DREAM CONFERENCE SPECIAL FROM QUEEN OF DREAMS
My Experiences with Dreams (Indian Style)
By Chitra Divakaruni

Chitra Divakaruni is the international bestselling author of fourteen books of poetry and fiction, including her latest novel, Queen of Dreams. Chitra will be a keynote speaker at the International Association for the Study of Dreams conference in Berkeley June 24-28. She will read from Queen of Dreams, about an Indian dream interpreter living in Berkeley, and will talk about dream interpretation in the Indian culture.

The following excerpt from Queen of Dreams is by permission of Doubleday, a division of Random House, Inc. ©2004 by Chitra Banerjee Divakaruni.

There were two kinds of interpreting that my mother did, though there may have been others. My knowledge of this facet of her life is furtive, fragmented, gleaned through eavesdropping.

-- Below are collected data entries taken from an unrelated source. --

Lemma epsop_le_sigma_eps (ak al g d : R) :
  0 <= g -> 0 <= ak -> 0 <= d -> sigma_eps ak g al <= d ->
  epsop g (Num.max (al - d) 0) <= ak + d.
Proof.
move=> g_ge0 ak_ge0 d_ge0; rewrite /epsop /sigma_eps ge_min !pospart_le.
case: ifP => [|_ _]; last lra.
rewrite lt_max => /orP g_lt /orP sigma_le; rewrite ge_max; apply/andP; split; last lra.
have : al - ak <= pospart (al - ak) by rewrite le_max lexx.
case: sigma_le => [|/andP [? _]] ?; first lra.
by case: g_lt => ?; lra.
Qed.

End Arithmetic.

Section SugenoIntegral.
Variables (R : realType) (n N : nat) (x : 'I_N -> 'I_n -> R) (k : 'I_N).
Implicit Types (mu : {set 'I_n} -> R) (A B : {set 'I_n}).

Lemma sugeno_ge0 mu (y : 'I_n -> R) : 0 <= sugeno mu y.
Proof. exact: bigmax_ge_id. Qed.

Lemma sugeno_le1 mu (y : 'I_n -> R) : (forall A, mu A <= 1) -> sugeno mu y <= 1.
Proof. by move=> mu_le1; apply: bigmax_le => // A _; rewrite ge_min mu_le1 orbT. Qed.

Lemma gamma_ge0 A : 0 <= gamma x k A.
Proof. exact: bigmax_ge_id. Qed.

Lemma gamma_le1 A : (forall i, x k i <= 1) -> gamma x k A <= 1.
Proof. by move=> x_le1; apply: bigmax_le. Qed.

Lemma gamma_anti A B : A \subset B -> gamma x k B <= gamma x k A.
Proof.
move=> sAB; apply: bigmax_le => [|i]; first exact: gamma_ge0.
rewrite !in_setC => iB; apply: le_bigmax_cond; rewrite in_setC.
by apply: contra iB; apply: (subsetP sAB).
Qed.

Lemma sugeno_le_gamma_max mu A :
  (forall A B, A \subset B -> mu A <= mu B) ->
  sugeno mu (x k) <= Num.max (gamma x k A) (mu A).
Proof.
move=> mu_mono; apply: bigmax_le => [|B _]; first by rewrite le_max gamma_ge0.
have [sBA|/subsetPn [i iB iA]] := boolP (B \subset A).
  by rewrite ge_min; apply/orP; right; rewrite le_max mu_mono ?orbT.
rewrite ge_min le_max; apply/orP; left; apply/orP; left.
apply: le_trans (bigmin_le_cond _ _ iB) _.
by apply: le_bigmax_cond; rewrite in_setC.
Qed.

Lemma le_sugeno_qminitive (q : nat) mu t : capacity mu -> qminitive q mu -> t <= 1 ->
  (forall A, qlarge q A -> t <= Num.max (gamma x k A) (mu A)) ->
  t <= sugeno mu (x k).
Proof.
move=> [_ muT _ _] mu_qmin t_le1 t_le.
have [t_le0|t_gt0] := leP t 0; first exact: le_trans t_le0 (sugeno_ge0 _ _).
(* the level set B = {x >= t} witnesses S_mu(x) >= t *)
pose B := [set i | t <= x k i].
have gamma_lt (Y : {set 'I_n}) : B \subset Y -> gamma x k Y < t.
  move=> sBY; apply/bigmax_ltP; split=> // i; rewrite in_setC => iY.
  have : i \notin B by apply: contra iY; apply: (subsetP sBY).
  by rewrite inE ltNge.
have mu_ge (Y : {set 'I_n}) : B \subset Y -> (n - q <= #|Y|)%N -> t <= mu Y.
  move=> sBY cardY; have [->|Y_neqT] := eqVneq Y setT; first by rewrite muT.
  have := t_le Y; rewrite /qlarge properT Y_neqT cardY => /(_ isT).
  by rewrite le_max leNgt gamma_lt.
apply: (bigmax_sup B) => //; rewrite le_min; apply/andP; split.
  by apply: le_bigmin => // i; rewrite inE.
have [cardB|cardB] := leqP (n - q) #|B|; first exact: mu_ge.
rewrite (mu_qmin B cardB); apply: le_bigmin => // Y /andP [pBY cardY].
exact: mu_ge (proper_sub pBY) cardY.
Qed.

Lemma sugeno_qminitiveE (q : nat) mu : capacity mu -> qminitive q mu ->
  sugeno mu (x k) =
    \big[Num.min/1]_(A | qlarge q A) Num.max (gamma x k A) (mu A).
Proof.
move=> mu_cap mu_qmin; have [_ _ mu01 mu_mono] := mu_cap.
apply: le_anti; apply/andP; split.
  apply: le_bigmin => [|A _]; last exact: sugeno_le_gamma_max.
  by apply: sugeno_le1 => A; case/andP: (mu01 A).
apply: le_sugeno_qminitive mu_cap mu_qmin _ _; first exact: bigmin_le_id.
by move=> A; apply: bigmin_le_cond.
Qed.

End SugenoIntegral.

Section QminitiveExtension.
Variables (R : realType) (n q : nat) (f : {set 'I_n} -> R).
Implicit Types A B X Y : {set 'I_n}.
Hypothesis f01 : forall A, 0 <= f A <= 1.
Hypothesis f_mono : forall A B, A \subset B -> f A <= f B.

Definition qminitive_ext (X : {set 'I_n}) : R :=
  if (n - q <= #|X|)%N then f X
  else \big[Num.min/1]_(Y : {set 'I_n} | (X \proper Y) && (n - q <= #|Y|)%N) f Y.

Lemma qminitive_extE X : (n - q <= #|X|)%N -> qminitive_ext X = f X.
Proof. by rewrite /qminitive_ext => ->. Qed.

Lemma qminitive_ext_qminitive : qminitive q qminitive_ext.
Proof.
move=> X cardX; rewrite /qminitive_ext leqNgt cardX /=.
by apply: eq_bigr => Y /andP [_ ->].
Qed.

Lemma qminitive_ext01 X : 0 <= qminitive_ext X <= 1.
Proof.
rewrite /qminitive_ext; case: ifP => _ //.
by rewrite bigmin_le_id andbT; apply: le_bigmin => // Y _; case/andP: (f01 Y).
Qed.

Lemma qminitive_ext_mono X Y : X \subset Y -> qminitive_ext X <= qminitive_ext Y.
Proof.
move=> sXY; have cardXY := subset_leq_card sXY; rewrite /qminitive_ext.
case: ifP => cardX; case: ifP => cardY.
- exact: f_mono.
- by move: cardY; rewrite (leq_trans cardX cardXY).
- have [eXY|nXY] := eqVneq X Y; first by move: cardX; rewrite eXY cardY.
  by apply: bigmin_le_cond; rewrite cardY andbT properEneq nXY sXY.
- apply: le_bigmin => [|Z /andP [pYZ cardZ]]; first exact: bigmin_le_id.
  by apply: bigmin_le_cond; rewrite cardZ andbT (sub_proper_trans sXY pYZ).
Qed.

The first --- as she had reluctantly told me--- was when someone came to her with a dream, and she explained to her what it meant. (But why do I say her? I suspect that men came to my mother, too, though I imagine them to be more awkward about it.)

"A dream is a telegram from the hidden world," I heard her say once. "Only a fool or an illiterate person ignores it."

The second kind of interpretation was more complicated. I'll get to it later.

I learned early not to question my mother about her work. Though she talked freely with me about matters that were taboo in Indian families---boyfriends, bodily changes, bad things that happened at school---she was silent on the subject of dreams. If I brought it up, she would look distressed. Sometimes she'd leave the house. Once she took the car and didn't return for hours. I was beside myself with worry, certain she'd had an accident. I think it was soon after that that I stopped asking questions. Or maybe it was after she'd given up on teaching me.

Let me not misrepresent facts. My mother wasn't the one who wanted to teach me to interpret dreams. I was crazy for it myself.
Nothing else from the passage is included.